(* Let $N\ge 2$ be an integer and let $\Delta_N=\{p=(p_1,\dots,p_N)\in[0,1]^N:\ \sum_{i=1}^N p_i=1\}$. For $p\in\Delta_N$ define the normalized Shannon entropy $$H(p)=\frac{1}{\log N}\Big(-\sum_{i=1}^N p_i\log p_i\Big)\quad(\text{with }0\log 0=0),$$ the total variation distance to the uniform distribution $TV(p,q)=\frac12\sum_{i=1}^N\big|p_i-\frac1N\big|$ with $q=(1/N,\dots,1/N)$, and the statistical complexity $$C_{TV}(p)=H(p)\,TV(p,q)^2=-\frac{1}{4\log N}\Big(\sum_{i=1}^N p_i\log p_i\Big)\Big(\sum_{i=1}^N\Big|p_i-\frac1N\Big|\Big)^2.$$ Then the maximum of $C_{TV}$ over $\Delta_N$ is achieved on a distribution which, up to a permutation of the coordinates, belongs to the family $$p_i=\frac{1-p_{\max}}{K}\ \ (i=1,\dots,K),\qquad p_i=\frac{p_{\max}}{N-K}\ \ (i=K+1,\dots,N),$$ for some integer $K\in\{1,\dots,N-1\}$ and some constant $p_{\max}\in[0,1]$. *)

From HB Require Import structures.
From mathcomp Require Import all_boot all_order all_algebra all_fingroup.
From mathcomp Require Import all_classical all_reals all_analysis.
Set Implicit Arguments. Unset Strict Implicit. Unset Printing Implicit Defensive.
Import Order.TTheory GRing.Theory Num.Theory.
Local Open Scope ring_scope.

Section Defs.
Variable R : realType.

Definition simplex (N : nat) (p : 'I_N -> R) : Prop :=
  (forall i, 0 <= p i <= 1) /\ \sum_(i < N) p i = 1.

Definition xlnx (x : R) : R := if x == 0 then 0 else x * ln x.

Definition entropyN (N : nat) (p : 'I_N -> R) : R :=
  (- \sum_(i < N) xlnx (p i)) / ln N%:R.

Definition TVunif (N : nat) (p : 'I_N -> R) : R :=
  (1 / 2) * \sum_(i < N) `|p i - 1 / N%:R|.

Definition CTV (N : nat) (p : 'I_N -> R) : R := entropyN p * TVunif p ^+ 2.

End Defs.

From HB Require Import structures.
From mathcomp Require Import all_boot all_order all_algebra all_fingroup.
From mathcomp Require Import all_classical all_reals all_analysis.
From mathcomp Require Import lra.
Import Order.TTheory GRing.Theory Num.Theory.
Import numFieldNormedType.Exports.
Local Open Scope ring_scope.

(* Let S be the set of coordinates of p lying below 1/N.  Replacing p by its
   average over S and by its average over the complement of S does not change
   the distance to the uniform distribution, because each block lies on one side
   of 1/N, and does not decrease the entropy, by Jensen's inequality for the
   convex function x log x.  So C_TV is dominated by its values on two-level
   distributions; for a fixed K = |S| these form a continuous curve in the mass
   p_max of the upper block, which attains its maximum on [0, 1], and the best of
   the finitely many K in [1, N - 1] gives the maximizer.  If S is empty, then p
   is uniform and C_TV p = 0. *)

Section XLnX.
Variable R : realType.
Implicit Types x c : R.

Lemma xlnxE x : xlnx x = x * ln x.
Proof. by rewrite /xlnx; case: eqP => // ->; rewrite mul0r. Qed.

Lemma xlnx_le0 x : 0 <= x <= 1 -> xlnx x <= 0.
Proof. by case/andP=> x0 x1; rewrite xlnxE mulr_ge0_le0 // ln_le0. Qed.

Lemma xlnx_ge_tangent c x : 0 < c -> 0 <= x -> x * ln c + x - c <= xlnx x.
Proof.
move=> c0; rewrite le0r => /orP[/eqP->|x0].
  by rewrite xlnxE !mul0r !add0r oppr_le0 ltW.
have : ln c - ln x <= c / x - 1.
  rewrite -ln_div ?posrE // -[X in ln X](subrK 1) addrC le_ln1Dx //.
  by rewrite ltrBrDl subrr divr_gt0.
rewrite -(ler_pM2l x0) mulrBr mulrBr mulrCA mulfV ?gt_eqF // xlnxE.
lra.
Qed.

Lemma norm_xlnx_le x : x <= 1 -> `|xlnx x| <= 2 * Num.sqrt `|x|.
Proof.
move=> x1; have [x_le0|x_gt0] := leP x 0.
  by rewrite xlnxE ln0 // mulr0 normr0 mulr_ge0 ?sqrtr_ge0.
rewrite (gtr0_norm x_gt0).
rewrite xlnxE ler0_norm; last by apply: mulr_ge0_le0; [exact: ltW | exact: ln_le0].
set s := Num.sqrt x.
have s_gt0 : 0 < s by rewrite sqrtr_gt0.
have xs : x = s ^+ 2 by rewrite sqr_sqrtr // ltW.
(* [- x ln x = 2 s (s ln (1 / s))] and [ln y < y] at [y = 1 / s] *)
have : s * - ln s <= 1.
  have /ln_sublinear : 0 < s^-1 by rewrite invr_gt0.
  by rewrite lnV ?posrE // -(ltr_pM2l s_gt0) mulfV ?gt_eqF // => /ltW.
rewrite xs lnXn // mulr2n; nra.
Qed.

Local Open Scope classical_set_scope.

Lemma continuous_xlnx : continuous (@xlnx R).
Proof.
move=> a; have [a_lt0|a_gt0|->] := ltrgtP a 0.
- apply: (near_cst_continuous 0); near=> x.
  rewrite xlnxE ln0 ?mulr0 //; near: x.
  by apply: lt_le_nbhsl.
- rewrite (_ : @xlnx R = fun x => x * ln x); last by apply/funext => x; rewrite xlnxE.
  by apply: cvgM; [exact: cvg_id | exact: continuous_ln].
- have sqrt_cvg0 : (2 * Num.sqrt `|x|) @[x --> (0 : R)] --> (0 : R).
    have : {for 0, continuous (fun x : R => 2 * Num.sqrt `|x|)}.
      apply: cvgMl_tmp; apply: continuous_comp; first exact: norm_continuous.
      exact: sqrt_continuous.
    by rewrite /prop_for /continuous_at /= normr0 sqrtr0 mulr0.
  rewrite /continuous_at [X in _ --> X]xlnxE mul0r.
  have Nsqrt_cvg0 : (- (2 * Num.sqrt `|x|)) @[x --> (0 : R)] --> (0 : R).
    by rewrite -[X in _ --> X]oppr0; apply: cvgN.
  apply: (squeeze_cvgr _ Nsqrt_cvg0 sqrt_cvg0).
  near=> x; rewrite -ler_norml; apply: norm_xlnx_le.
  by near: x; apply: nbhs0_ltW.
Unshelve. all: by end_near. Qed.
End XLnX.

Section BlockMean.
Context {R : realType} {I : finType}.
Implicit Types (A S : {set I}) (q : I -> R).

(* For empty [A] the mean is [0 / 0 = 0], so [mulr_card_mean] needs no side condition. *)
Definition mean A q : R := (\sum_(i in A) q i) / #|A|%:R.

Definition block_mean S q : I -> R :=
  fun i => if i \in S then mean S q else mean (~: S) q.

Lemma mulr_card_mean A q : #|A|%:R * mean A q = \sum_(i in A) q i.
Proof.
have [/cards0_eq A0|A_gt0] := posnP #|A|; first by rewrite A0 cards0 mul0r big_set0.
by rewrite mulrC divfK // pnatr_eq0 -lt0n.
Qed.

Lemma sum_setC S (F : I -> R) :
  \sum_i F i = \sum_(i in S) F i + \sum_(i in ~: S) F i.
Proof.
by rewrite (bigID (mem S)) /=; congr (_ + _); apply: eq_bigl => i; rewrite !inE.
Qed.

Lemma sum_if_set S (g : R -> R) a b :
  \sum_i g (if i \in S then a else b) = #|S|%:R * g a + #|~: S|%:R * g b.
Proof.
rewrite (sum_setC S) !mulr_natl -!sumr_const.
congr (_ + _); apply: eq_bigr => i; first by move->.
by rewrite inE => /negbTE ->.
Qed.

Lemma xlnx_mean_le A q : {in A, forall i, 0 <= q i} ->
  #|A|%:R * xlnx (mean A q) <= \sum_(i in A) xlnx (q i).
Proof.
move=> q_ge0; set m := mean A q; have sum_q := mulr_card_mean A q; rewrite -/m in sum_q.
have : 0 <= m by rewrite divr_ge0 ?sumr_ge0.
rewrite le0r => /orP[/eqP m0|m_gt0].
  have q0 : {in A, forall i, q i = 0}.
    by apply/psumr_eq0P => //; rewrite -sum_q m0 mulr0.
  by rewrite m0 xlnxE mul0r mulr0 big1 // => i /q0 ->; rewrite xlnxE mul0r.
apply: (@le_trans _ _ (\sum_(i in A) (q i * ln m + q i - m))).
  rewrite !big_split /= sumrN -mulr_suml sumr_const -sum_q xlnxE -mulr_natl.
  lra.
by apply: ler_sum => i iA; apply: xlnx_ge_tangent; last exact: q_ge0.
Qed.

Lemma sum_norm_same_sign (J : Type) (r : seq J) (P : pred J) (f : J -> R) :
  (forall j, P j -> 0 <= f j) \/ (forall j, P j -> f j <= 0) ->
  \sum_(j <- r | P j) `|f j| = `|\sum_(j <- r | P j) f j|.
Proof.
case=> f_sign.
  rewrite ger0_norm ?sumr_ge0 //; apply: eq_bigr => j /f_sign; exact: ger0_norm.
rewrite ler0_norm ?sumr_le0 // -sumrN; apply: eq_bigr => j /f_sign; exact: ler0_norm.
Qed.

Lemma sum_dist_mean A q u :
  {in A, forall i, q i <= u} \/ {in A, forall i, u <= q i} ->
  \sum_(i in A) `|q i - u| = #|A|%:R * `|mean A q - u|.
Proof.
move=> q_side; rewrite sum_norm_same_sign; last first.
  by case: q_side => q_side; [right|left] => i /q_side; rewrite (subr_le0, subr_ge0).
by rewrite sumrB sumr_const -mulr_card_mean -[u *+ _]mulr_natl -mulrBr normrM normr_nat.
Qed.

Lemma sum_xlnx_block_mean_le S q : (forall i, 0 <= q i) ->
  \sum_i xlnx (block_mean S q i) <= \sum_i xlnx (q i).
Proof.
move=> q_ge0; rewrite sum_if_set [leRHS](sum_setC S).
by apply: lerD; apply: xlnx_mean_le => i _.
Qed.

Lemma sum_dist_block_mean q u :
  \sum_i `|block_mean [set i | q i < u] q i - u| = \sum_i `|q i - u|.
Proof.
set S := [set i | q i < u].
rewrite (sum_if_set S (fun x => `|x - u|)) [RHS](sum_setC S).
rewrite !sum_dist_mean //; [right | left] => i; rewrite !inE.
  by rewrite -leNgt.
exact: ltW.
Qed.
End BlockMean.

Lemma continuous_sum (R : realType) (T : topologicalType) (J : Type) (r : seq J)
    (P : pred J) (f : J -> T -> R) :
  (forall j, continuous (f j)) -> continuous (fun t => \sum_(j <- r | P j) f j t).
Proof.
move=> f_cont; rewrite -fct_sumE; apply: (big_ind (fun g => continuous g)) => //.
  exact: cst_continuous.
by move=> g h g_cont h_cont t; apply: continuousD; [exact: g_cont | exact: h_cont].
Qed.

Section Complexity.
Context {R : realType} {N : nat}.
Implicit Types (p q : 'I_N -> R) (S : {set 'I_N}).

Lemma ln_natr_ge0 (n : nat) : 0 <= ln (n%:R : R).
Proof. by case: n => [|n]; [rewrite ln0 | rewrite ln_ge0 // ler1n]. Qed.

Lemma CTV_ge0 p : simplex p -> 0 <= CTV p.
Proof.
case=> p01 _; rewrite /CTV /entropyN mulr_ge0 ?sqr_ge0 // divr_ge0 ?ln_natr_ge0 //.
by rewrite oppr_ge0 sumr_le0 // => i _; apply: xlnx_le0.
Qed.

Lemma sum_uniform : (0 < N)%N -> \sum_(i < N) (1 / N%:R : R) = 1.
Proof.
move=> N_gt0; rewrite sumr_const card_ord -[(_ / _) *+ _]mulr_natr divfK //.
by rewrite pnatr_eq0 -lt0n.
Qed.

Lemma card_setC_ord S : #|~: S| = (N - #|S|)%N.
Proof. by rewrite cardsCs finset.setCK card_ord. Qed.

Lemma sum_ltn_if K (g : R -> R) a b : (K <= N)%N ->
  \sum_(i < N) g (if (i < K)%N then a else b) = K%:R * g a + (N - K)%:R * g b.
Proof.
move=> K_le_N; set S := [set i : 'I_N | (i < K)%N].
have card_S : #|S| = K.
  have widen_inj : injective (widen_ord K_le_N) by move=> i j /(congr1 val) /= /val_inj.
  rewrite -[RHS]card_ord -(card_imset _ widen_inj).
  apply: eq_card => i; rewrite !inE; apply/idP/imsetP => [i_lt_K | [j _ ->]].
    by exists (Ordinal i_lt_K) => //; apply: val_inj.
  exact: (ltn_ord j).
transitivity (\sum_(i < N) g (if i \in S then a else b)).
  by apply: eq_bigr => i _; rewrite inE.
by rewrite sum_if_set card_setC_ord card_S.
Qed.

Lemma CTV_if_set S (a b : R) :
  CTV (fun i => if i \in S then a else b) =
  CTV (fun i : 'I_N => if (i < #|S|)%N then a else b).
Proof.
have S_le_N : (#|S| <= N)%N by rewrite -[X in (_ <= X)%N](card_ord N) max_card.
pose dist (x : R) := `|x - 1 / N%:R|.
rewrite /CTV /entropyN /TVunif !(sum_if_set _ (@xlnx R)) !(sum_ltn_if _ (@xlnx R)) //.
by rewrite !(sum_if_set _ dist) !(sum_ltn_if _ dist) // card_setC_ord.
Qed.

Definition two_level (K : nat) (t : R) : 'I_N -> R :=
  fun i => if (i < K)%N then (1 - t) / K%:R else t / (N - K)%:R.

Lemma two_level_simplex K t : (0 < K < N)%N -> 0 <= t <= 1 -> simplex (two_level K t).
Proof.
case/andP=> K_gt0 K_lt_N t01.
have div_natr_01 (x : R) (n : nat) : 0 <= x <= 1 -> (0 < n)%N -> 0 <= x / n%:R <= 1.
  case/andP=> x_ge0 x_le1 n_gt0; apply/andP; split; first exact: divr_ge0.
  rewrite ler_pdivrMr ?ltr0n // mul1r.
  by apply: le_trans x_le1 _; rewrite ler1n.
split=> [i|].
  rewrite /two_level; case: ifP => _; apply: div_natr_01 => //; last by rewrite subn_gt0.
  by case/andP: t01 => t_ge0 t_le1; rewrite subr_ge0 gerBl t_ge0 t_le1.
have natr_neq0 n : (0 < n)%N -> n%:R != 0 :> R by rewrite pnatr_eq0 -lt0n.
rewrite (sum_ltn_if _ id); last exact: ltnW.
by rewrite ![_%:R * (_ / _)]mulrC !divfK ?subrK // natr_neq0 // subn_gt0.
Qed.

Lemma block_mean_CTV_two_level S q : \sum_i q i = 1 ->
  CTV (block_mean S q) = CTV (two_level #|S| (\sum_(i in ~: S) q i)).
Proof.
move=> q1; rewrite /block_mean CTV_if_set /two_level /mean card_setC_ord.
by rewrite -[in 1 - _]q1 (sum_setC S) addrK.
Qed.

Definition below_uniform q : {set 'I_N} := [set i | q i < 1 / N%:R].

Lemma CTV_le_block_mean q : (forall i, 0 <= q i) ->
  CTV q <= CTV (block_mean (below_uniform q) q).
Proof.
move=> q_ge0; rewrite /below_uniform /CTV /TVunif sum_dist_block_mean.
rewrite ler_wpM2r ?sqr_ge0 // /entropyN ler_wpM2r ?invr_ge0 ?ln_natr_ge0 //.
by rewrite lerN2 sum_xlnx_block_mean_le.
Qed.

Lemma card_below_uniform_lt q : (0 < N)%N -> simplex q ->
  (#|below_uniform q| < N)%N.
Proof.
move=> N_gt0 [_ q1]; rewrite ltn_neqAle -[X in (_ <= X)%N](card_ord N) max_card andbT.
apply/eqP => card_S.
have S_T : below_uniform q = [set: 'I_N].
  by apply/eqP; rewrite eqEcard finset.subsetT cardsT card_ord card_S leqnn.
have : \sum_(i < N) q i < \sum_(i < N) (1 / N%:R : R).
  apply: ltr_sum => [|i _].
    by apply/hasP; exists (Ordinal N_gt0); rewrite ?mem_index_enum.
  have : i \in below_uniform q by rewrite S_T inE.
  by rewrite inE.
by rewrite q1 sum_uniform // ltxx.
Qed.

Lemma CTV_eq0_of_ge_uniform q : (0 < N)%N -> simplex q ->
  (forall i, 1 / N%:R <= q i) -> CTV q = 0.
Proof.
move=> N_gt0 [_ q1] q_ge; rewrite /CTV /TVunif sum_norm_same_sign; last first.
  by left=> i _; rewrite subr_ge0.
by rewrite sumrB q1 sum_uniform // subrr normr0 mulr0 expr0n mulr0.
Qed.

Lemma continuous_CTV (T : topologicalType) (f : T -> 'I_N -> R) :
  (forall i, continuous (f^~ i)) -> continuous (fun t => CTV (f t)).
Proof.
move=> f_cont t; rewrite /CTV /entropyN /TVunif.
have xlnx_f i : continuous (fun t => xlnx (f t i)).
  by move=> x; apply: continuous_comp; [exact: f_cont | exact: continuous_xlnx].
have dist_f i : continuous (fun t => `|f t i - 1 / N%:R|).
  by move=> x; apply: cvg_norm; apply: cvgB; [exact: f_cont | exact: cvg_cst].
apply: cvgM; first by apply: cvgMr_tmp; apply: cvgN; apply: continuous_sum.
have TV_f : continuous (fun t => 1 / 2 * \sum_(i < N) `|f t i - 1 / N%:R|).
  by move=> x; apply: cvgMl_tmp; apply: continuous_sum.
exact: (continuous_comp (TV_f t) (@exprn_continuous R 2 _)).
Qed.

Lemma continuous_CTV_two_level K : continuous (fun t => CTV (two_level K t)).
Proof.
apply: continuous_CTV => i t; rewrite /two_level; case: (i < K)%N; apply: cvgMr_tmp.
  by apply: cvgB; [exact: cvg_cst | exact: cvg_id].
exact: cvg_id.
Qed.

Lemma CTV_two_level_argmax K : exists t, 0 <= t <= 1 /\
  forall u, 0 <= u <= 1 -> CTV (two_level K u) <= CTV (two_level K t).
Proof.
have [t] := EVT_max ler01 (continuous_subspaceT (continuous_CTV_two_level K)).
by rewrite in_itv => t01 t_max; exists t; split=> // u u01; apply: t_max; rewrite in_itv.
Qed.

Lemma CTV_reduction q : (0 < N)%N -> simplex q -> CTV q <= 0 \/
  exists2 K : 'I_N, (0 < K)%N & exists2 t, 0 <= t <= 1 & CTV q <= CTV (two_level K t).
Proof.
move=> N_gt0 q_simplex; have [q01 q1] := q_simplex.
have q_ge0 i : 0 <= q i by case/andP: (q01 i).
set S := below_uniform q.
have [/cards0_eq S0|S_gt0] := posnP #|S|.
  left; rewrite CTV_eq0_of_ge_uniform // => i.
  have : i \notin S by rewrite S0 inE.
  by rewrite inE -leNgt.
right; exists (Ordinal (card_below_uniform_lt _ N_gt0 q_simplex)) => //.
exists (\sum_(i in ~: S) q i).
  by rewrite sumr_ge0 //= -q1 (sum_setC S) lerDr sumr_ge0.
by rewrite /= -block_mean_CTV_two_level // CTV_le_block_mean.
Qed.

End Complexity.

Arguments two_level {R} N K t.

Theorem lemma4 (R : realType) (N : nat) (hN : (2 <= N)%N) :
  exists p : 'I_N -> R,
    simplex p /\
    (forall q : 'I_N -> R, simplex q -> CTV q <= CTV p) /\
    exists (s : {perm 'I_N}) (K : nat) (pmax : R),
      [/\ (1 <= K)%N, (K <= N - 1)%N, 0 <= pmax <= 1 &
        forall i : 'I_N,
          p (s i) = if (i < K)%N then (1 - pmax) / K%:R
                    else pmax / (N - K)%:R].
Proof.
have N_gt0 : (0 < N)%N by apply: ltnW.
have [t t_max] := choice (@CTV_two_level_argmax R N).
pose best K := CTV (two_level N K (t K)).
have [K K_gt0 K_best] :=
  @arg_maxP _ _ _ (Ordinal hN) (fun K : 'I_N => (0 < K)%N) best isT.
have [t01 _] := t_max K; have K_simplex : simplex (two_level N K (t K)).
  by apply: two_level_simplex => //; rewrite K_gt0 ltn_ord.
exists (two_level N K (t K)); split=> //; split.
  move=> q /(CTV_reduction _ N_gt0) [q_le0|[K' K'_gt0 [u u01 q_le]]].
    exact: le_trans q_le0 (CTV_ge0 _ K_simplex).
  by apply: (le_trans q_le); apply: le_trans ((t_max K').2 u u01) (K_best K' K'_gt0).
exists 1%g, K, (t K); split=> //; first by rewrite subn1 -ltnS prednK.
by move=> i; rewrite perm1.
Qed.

=-=-=

_Exercise requirements_. Would you output, from the records above, exactly the run of lines that starts at the line containing "Lemma CTV_reduction q" and ends at the line containing "K)%N) best isT.", and only that run?

_Exercise response_.
Lemma CTV_reduction q : (0 < N)%N -> simplex q -> CTV q <= 0 \/
  exists2 K : 'I_N, (0 < K)%N & exists2 t, 0 <= t <= 1 & CTV q <= CTV (two_level K t).
Proof.
move=> N_gt0 q_simplex; have [q01 q1] := q_simplex.
have q_ge0 i : 0 <= q i by case/andP: (q01 i).
set S := below_uniform q.
have [/cards0_eq S0|S_gt0] := posnP #|S|.
  left; rewrite CTV_eq0_of_ge_uniform // => i.
  have : i \notin S by rewrite S0 inE.
  by rewrite inE -leNgt.
right; exists (Ordinal (card_below_uniform_lt _ N_gt0 q_simplex)) => //.
exists (\sum_(i in ~: S) q i).
  by rewrite sumr_ge0 //= -q1 (sum_setC S) lerDr sumr_ge0.
by rewrite /= -block_mean_CTV_two_level // CTV_le_block_mean.
Qed.

End Complexity.

Arguments two_level {R} N K t.

Theorem lemma4 (R : realType) (N : nat) (hN : (2 <= N)%N) :
  exists p : 'I_N -> R,
    simplex p /\
    (forall q : 'I_N -> R, simplex q -> CTV q <= CTV p) /\
    exists (s : {perm 'I_N}) (K : nat) (pmax : R),
      [/\ (1 <= K)%N, (K <= N - 1)%N, 0 <= pmax <= 1 &
        forall i : 'I_N,
          p (s i) = if (i < K)%N then (1 - pmax) / K%:R
                    else pmax / (N - K)%:R].
Proof.
have N_gt0 : (0 < N)%N by apply: ltnW.
have [t t_max] := choice (@CTV_two_level_argmax R N).
pose best K := CTV (two_level N K (t K)).
have [K K_gt0 K_best] :=
  @arg_maxP _ _ _ (Ordinal hN) (fun K : 'I_N => (0 < K)%N) best isT.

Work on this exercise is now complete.